INFORMATION GIVEN:
Lemma dot_vcons {n} c z a v : dot (S n) (vcons c z) (vcons a v) = c * a + dot n z v.
Proof. reflexivity. Qed.
Lemma inf_sublinear {n} (P : R -> Prop) (F : Vec n -> R -> R) :
  P 0 -> (forall a t, 0 < a -> P t -> P (a * t)) -> (forall s t, P s -> P t -> P (s + t)) ->
  (forall a v t, 0 < a -> F (vscale a v) (a * t) = a * F v t) ->
  (forall u v s t, F (vadd u v) (s + t) <= F u s + F v t) ->
  (forall v, exists lb, forall t, P t -> lb <= F v t) ->
  exists r : Vec n -> R, sublinear r /\ forall v t, P t -> r v <= F v t.
Proof.
  intros HP0 HPscale HPadd HFscale HFadd Hlb.
  destruct (inf_fun_exists P F 0 HP0 Hlb) as [r [Hr1 Hr2]].
  exists r. split; [|exact Hr1]. split.
  - intros a v Ha. apply Rle_antisym.
    + (* [r(a v) <= F(a v, a t) = a F(v, t)] for every admissible [t] *)
      assert (H : r (vscale a v) / a <= r v).
      { apply Hr2. intros t Ht. specialize (Hr1 (vscale a v) (a * t) (HPscale a t Ha Ht)).
        rewrite HFscale in Hr1 by lra.
        apply (Rmult_le_reg_l a); [lra|]. unfold Rdiv. field_simplify; [|lra]. nra. }
      unfold Rdiv in H. apply (Rmult_le_compat_l a) in H; [|lra].
      rewrite <- Rmult_assoc, (Rmult_comm a), Rmult_assoc, Rinv_r, Rmult_1_r in H by lra. exact H.
    + (* [a r(v) <= a F(v, t/a) = F(a v, t)] *)
      apply Hr2. intros t Ht.
      assert (Hta : P (/ a * t)) by (apply HPscale; [apply Rinv_0_lt_compat; lra|exact Ht]).
      specialize (Hr1 v (/ a * t) Hta).
      replace t with (a * (/ a * t)) at 1 by (field; lra).
      rewrite HFscale by lra. apply Rmult_le_compat_l; lra.
  - intros u v.
    assert (H : forall s t, P s -> P t -> r (vadd u v) <= F u s + F v t).
    { intros s t Hs Ht. specialize (Hr1 (vadd u v) (s + t) (HPadd s t Hs Ht)).
      pose proof (HFadd u v s t). lra. }
    assert (H2 : forall t, P t -> r (vadd u v) - F v t <= r u).
    { intros t Ht. apply Hr2. intros s Hs. specialize (H s t Hs Ht). lra. }
    assert (H3 : r (vadd u v) - r u <= r v) by (apply Hr2; intros t Ht; specialize (H2 t Ht); lra).
    lra.
Qed.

EXERCISE DIRECTIONS:
Determine how many lines of the listing above include the word "vadd", then write only that number.

ANSWER:
5